• [Recorded information]
::::
Lemma armijo_test_fails_short_step gamma z v M a :
  slope_lipschitz n grad z v M ->
  0 < M -> 0 <= a <= 2 * (1 - gamma) / M ->
  ~ armijo_test f n grad gamma z (vscale (- dot n (grad z) v) v) a.
Proof.
  intros HL HM Ha; unfold armijo_test.
  set (g := dot n (grad z) v).
  rewrite vscale_vscale, dot_scale_r; fold g.
  assert (Hdesc := descent_along z v M (a * - g) HL); fold g in Hdesc.
  assert (HMa : M * a <= 2 * (1 - gamma)).
  { destruct Ha as [_ Ha]; apply (Rmult_le_compat_l M) in Ha; [|lra].
    replace (M * (2 * (1 - gamma) / M)) with (2 * (1 - gamma)) in Ha by (field; lra).
    exact Ha. }
  (* Armijo bound minus descent bound *)
  assert (0 <= a * (g * g) * ((1 - gamma) - M * a / 2)).
  { apply Rmult_le_pos; [apply Rmult_le_pos|]; nra. }
  nra.
Qed.

End Line_search.

Lemma armijo_test_fails_null_direction f n grad gamma z d a :
  (forall h, d h = 0) -> ~ armijo_test f n grad gamma z d a.
Proof.
  intros Hd; unfold armijo_test.
  replace (vadd z (vscale a d)) with z
    by (apply functional_extensionality; intros h; unfold vadd, vscale; rewrite Hd; ring).
  replace (dot n (grad z) d) with 0
    by (unfold dot; rewrite (vsum_ext _ _ (fun i => 0 * grad z i)), vsum_scal;
        [ring | intros i _; rewrite Hd; ring]).
  lra.
Qed.

Section Backtracking.

Variables (f : vec -> R) (n : nat) (grad : vec -> vec) (gamma delta : R) (z d : vec).
Hypothesis delta_range : 0 < delta < 1.

Lemma armijo_output_first Delta alpha :
  ~ armijo_test f n grad gamma z d Delta ->
  armijo_output f n grad gamma delta z d Delta alpha -> alpha = Delta.
Proof.
  intros Hacc (m & -> & _ & Hrej).
  destruct m as [|m]; [simpl; ring|].
  exfalso; apply Hacc.
  specialize (Hrej 0%nat ltac:(lia)); simpl in Hrej; rewrite Rmult_1_l in Hrej; exact Hrej.
Qed.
::::
• [Problem to solve] Among the lines of the material, find those holding the word "apply" and return them.

• [Response]
  { destruct Ha as [_ Ha]; apply (Rmult_le_compat_l M) in Ha; [|lra].
  { apply Rmult_le_pos; [apply Rmult_le_pos|]; nra. }
    by (apply functional_extensionality; intros h; unfold vadd, vscale; rewrite Hd; ring).
  exfalso; apply Hacc.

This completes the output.